老头喃喃地说了句,减半...目光奇怪地看向我...然後开口回答,"啊,那个啊,是也不是。"
这老头!故弄玄虚!
"不说算了。"
"啊!"怎麽会这样,他不是应该很想知道才问的吗?
这小家夥怎麽就从来没有好奇心和耐心呢。凯恩後来才知道我其实只不过不喜欢别人吊我胃口。
看来这老头还是不知道我的性格啊。
看老头又进入入定状态,准备走人,本来还说找到好地方呢,上次是月搅了我的兴致,这次是这个老头。
"等等,我给你解释一下吧。"
这次见到他,当时给他施加的魔法产生的效果,现在已经远超过自己当时的预想了。也是当初给了他点魔法,他身上因为有同样的魔法波动,结界才没有异样吗?所以他才能进入自己这已经设了结界的地方?还是因为他的力量已经超过自己了?因为只要力量强於施法者,那麽结界基本上不起作用。
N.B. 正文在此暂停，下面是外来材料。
Theorem theorem1 (R : realFieldType) (alpha Theta dt Q : R)
  (halpha : 0 < alpha <= 1) (hTheta : 0 <= Theta <= 1) (hdt : 0 < dt) (hQ : 0 < Q)
  (P : 'M[R]_2) (Rv : 'cV[R]_2) (mu1 mu2 mu3 : R)
  (hP : posdef P) (hmu1 : 0 < mu1) (hmu2 : 0 < mu2) (hmu3 : 0 < mu3)
  (hLMI : negdef (LMI Theta mu1 mu2 mu3 P Rv (Amx alpha) (@Cmx R) (Dmx dt) (@Emx R))) :
  let L := invmx P *m Rv in
  exists gamma : 'cV[R]_2 -> 'cV[R]_2 -> R,
    (forall z1 z2 : 'cV[R]_2, inbox Q z1 -> inbox Q z2 ->
        0 <= gamma z1 z2 /\ (gamma z1 z2 = 0 <-> (z1 = 0 /\ z2 = 0))) /\
    forall (x xh : nat -> 'cV[R]_2) (f : nat -> 'cV[R]_4) (w : nat -> 'cV[R]_5)
           (theta : nat -> R),
      (forall t, `|theta t| <= Theta) ->
      (forall t, inbox Q (x t)) ->
      inbox Q (xh 0%N) ->
      (forall t, x t.+1 = (Amx alpha + DeltaA (theta t)) *m x t + Bmx dt *m f t
                          + Dmx dt *m w t) ->
      (forall t, xh t.+1 = Amx alpha *m xh t + Bmx dt *m f t
                   + L *m ((@Cmx R *m x t + @Emx R *m w t) - @Cmx R *m xh t)) ->
      forall T : nat,
        \sum_(0 <= t < T.+1) sqnorm (x t - xh t)
        <= mu1 * \sum_(0 <= t < T.+1) sqnorm (x t)
           + mu2 * \sum_(0 <= t < T.+1) sqnorm (w t)
           + gamma (x 0%N) (xh 0%N).
Proof.
move=> L; exists (storage_bound P); split.
  by move=> z1 z2 _ _; split; [exact: storage_bound_ge0 | exact: storage_bound_eq0].
move=> x xh f w theta theta_le _ _ x_next xh_next T.
pose V t := bform (x t - xh t) P (x t - xh t).
have step t :
    V t.+1 - V t + sqnorm (x t - xh t) <= mu1 * sqnorm (x t) + mu2 * sqnorm (w t).
  have [a DAx a_le] := DeltaA_mulmx_bound (x t) (theta_le t).
  apply: (LMI_dissipation hP.1 (ltW hmu3) hLMI a_le).
  by rewrite x_next xh_next mulmx_filter_error ?posdef_unitmx // DAx.
have := dissipation_sum T.+1 step; rewrite big_split /= -!mulr_sumr.
have := posdef_form_ge0 (x T.+1 - xh T.+1) hP.
have := sqnorm_ge0 (x 0%N); have := sqnorm_ge0 (xh 0%N).
by rewrite /storage_bound /V; lra.
Qed.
应该不可能吧,比自己强的就只有那几个老不死的了。不过这小家夥如今身上的能量很强,但是说不清是源於什麽,感觉与所知的法力源头都不符合,却又都有相似之处。
我停住脚步,等待。
"其实我当时是有给你一点加持魔法,但那个并不足以使你受到的攻击和伤害减半。我猜想可能是你自己的性格和那残留的魔法融合才造成的吧。那魔法讲究的是包容,将攻击吸收然後化解,而你很能忍不是吗?所以我才说是也不是。现在这已经成为你身体的本能了。以前还从来没有过这样的例子,小家夥,恭喜你了。"
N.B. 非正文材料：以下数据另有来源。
Lemma Gamma_integral_ge (P : set prodX -> \bar R) y0 y : Gamma X d m g mu P ->
  lsip_feasible X m g f setT y0 y -> (obj y0 y)%:E <= \int[P]_x (f x)%:E.
Proof.
move=> PG feas; have [P_prob _] := PG.
have PmT := measure_of_prob_lty P_prob.
have [B fB] := lipschitz_bounded d_metric X_compact f Lf f_lip.
rewrite -(integral_measure_of_prob P_prob) -(integral_constraint y0 y
  (measure_of_probT P_prob) (integral_gvec_Gamma _ P_prob PG)).
apply: le_integral => [||| x _]; first by [].
- exact: integrable_constraint.
- exact: (bounded_integrable (h := f : prodX -> R) PmT
    (measurable_lipschitz f Lf Lf_gt0 f_lip) fB).
- by rewrite lee_fin feas.
Qed.

Lemma lsip_obj_le_mmot_value {y0 y} : lsip_feasible X m g f setT y0 y ->
  (obj y0 y)%:E <= mmot_value X d m g mu f.
Proof.
move=> feas; apply: le_ereal_inf_tmp => _ [P [PG ->]].
exact: Gamma_integral_ge.
Qed.

End GammaLowerBound.

Section DiscreteMeasureGamma.
Context {R : realType} {N : nat} {X : 'I_N -> pointedType}
  {d : forall i, X i -> X i -> R} {m : 'I_N -> nat}
  {g : forall i, 'I_(m i) -> X i -> R}
  {mu : forall i, probability (borel (d i)) R}.
Hypothesis g_int : forall i (j : 'I_(m i)),
  (mu i).-integrable setT (fun x => (g i j x)%:E).

Local Notation prodX := (prodX X d).
Local Notation proj := (@proj R N X d).

Let x0 : prodX := fun i => point.

Lemma discrete_measureE (A : set prodX) (w : prodX -> R) : finite_set A ->
  (forall x, A x -> 0 <= w x) ->
  discrete_measure X d A w = dirac_seq x0 id w (fset_set A).
Proof.
move=> fA w_ge0; apply/funext => B; rewrite dirac_seqE /discrete_measure.
rewrite fsbig_finite // big_seq [RHS]big_seq; apply: eq_bigr => x.
by rewrite in_fset_set // => /set_mem Ax; rewrite ger0_norm ?w_ge0.
Qed.

Lemma integral_discrete_measure (A : set prodX) (w h : prodX -> R) :
  finite_set A -> (forall x, A x -> 0 <= w x) -> measurable_fun setT h ->
  (\int[discrete_measure X d A w]_x (h x)%:E = (\sum_(x \in A) w x * h x)%:E)%E.
Proof.
move=> fA w_ge0 mh; rewrite discrete_measureE // integral_dirac_seq //.
rewrite fsbig_finite //; congr EFin; rewrite big_seq [RHS]big_seq.
apply: eq_bigr => x; rewrite in_fset_set // => /set_mem Ax.
by rewrite ger0_norm ?w_ge0.
Qed.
原来如此,有生气的事情都忍住,愤怒也是一种力量,忍来忍去,自动将其炼化成可用的能量。所以有时候忍也是一种修行。
魔法可以由性情修习的吗?很好,很好。
"这样啊,不过还是谢谢你了。"
这样的话,有很多疑惑的地方都能得到解决了,这对於我得到的那股力量也有不少帮助,这种理念。嗯,去图书馆看看。
"就这麽走了?不是应该因为感激所以拜我为师吗?"凯恩对自己就这麽被扔下的事实还不肯相信。唉,老头什麽时候能学乖呢。
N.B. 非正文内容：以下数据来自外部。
Lemma eq_factor h t (tr tr' : traj X A t) s j :
  [seq fun_of_fin y j | y <- tr.1] = [seq fun_of_fin y j | y <- tr'.1] ->
  [seq fun_of_fin y j | y <- tr.2] = [seq fun_of_fin y j | y <- tr'.2] ->
  take t.-1 tr.2 = take t.-1 tr'.2 ->
  factor h tr s j = factor h tr' s j.
Proof.
move=> own_x own_a pub.
have s_t : (s < t)%N := ltn_ord s.
have x_now : tnth tr.1 s j = tnth tr'.1 s j.
  by rewrite /tnth; apply: eq_nth_coord; rewrite ?size_tuple.
have a_now : tnth tr.2 s j = tnth tr'.2 s j.
  by rewrite /tnth; apply: eq_nth_coord; rewrite ?size_tuple.
have x_prev : nth (tnth tr.1 s) tr.1 s.-1 j = nth (tnth tr'.1 s) tr'.1 s.-1 j.
  by apply: eq_nth_coord; rewrite // size_tuple; lia.
have a_prev : (s != 0 :> nat) ->
    nth (tnth tr.2 s) tr.2 s.-1 = nth (tnth tr'.2 s) tr'.2 s.-1.
  by move=> s0; apply: (eq_nth_take _ _ pub); rewrite ?size_tuple; lia.
have a_hist : take s tr.2 = take s tr'.2.
  by rewrite -(@take_takel _ s t.-1) 1?pub ?take_takel //; lia.
have x_hist : [seq fun_of_fin y j | y <- take s.+1 tr.1] =
              [seq fun_of_fin y j | y <- take s.+1 tr'.1] by rewrite !map_take own_x.
by rewrite /factor x_now a_now x_prev a_hist x_hist; case: ifPn => // /a_prev ->.
Qed.

Section SharedPublicHistory.
Variables (t : nat) (a b : traj X A t).
Hypothesis pub_ab : take t.-1 a.2 = take t.-1 b.2.

Lemma factor_splice h s j :
  factor h (splice_traj a b) s j = factor h (if j == i then a else b) s j.
Proof.
apply: eq_factor.
- by rewrite splice_traj1 coord_splices ?size_tuple //; case: (j == i).
- by rewrite splice_traj2 coord_splices ?size_tuple //; case: (j == i).
- by rewrite splice_traj2 take_splices -pub_ab splicesxx; case: (j == i).
Qed.

Lemma weight_splice h j :
  weight h (splice_traj a b) j = weight h (if j == i then a else b) j.
Proof. by apply: eq_bigr => s _; apply: factor_splice. Qed.

End SharedPublicHistory.

Definition others_weight (h : strategy_profile R X A) t (tr : traj X A t) : R :=
  \prod_(j < N | j != i) weight h tr j.

Lemma law_split h t (tr : traj X A t) :
  law Q1 Q h tr = weight h tr i * others_weight h tr.
Proof. by rewrite lawE (bigD1 i). Qed.

Lemma law_splice h t (a b : traj X A t) : take t.-1 a.2 = take t.-1 b.2 ->
  law Q1 Q h (splice_traj a b) = weight h a i * others_weight h b.
Proof.
move=> pub_ab; rewrite law_split weight_splice // eqxx; congr (_ * _).
by apply: eq_bigr => j j_i; rewrite weight_splice // (negbTE j_i).
Qed.

Lemma others_weight_off h h' t (tr : traj X A t) :
  (forall j, j != i -> h' j = h j) -> others_weight h' tr = others_weight h tr.
Proof. by move=> hh'; apply: eq_bigr => j j_i; rewrite /weight /factor hh'. Qed.

Lemma law_swap g g' t (a b : traj X A t) :
  (forall j, j != i -> g' j = g j) -> take t.-1 a.2 = take t.-1 b.2 ->
  law Q1 Q g a * law Q1 Q g' b =
  law Q1 Q g' (splice_traj b a) * law Q1 Q g (splice_traj a b).
Proof.
move=> gg' pub_ab; rewrite !law_splice // !law_split !(others_weight_off _ gg').
by rewrite mulrACA [RHS]mulrACA [weight g' b i * _]mulrC.
Qed.

Lemma law_ge0 h t (tr : traj X A t) :
  kernels_ok Q1 Q -> strategy_ok h -> 0 <= law Q1 Q h tr.
Proof.
move=> [Q1_ge0 [_ [Q_ge0 _]]] [h_ge0 _]; rewrite lawE.
do 2 apply: prodr_ge0 => ? _; rewrite /factor.
by apply: mulr_ge0 => //; case: ifP.
Qed.

Lemma le_Pr h t (E F : pred (traj X A t)) :
  kernels_ok Q1 Q -> strategy_ok h -> subpred E F -> Pr Q1 Q h E <= Pr Q1 Q h F.
Proof.
move=> HQ Hh EF; rewrite /Pr [leLHS]big_mkcond [leRHS]big_mkcond.
apply: ler_sum => tr _; case: (boolP (E tr)) => [/EF -> //|_].
by case: (F tr); rewrite ?law_ge0.
Qed.

Lemma Pr_mul g g' t (E E' : pred (traj X A t)) :
  Pr Q1 Q g E * Pr Q1 Q g' E' =
  \sum_(p | E p.1 && E' p.2) law Q1 Q g p.1 * law Q1 Q g' p.2.
Proof. by rewrite /Pr mulr_suml; under eq_bigr do rewrite mulr_sumr; rewrite pair_big. Qed.

Lemma pub_event_splice t ah (u v : traj X A t) :
  pub_event t ah u -> pub_event t ah v -> pub_event t ah (splice_traj u v).
Proof. by rewrite /pub_event splice_traj2 take_splices => /eqP -> /eqP ->; rewrite splicesxx. Qed.

Lemma pub_event_spliceE t ah (u v : traj X A t) :
  pub_event t ah (splice_traj v u) && pub_event t ah (splice_traj u v) =
  pub_event t ah u && pub_event t ah v.
Proof.
apply/andP/andP => [[vu uv]|[pu pv]]; last by split; apply: pub_event_splice.
split; [rewrite -(splice_traj_swapK u v) | rewrite -(splice_traj_swapK v u)];
  exact: pub_event_splice.
Qed.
由於泡图书馆,查一些资料,找根据,回来得晚了,不过却让我获益不少。
"凌,你去哪里了啊,还以为你在寝室等我呢。"
"我是啊,可是等了很久你都没有回来,一个人多没有意思啊,所以我才出去转转啊。还说我,你一比赛完了就把我给忘了,看都不看我一眼。呜呜......"
很好,有些内疚了了,当时确实有些失落呢。算了,见好就收。"怎麽了,现在多交了几个朋友吧,起码张山是一个了吧。"
"嗯,不过不管交多少朋友,凌都是特别的。"鸣一脸认真。
呵呵,这句话我爱听,不枉我对你这麽用心,把你当弟弟啊。以後你若是忘了今天的话,我是不介意让你想起来的。
"这还差不多。好了,今天你也累了吧,早点睡。"
赶紧睡觉,明天早点起,然後拐晓出去玩,正好鸣的事情不用操心了。不过月怎麽还没有回来啊,家里的事还没忙完吗?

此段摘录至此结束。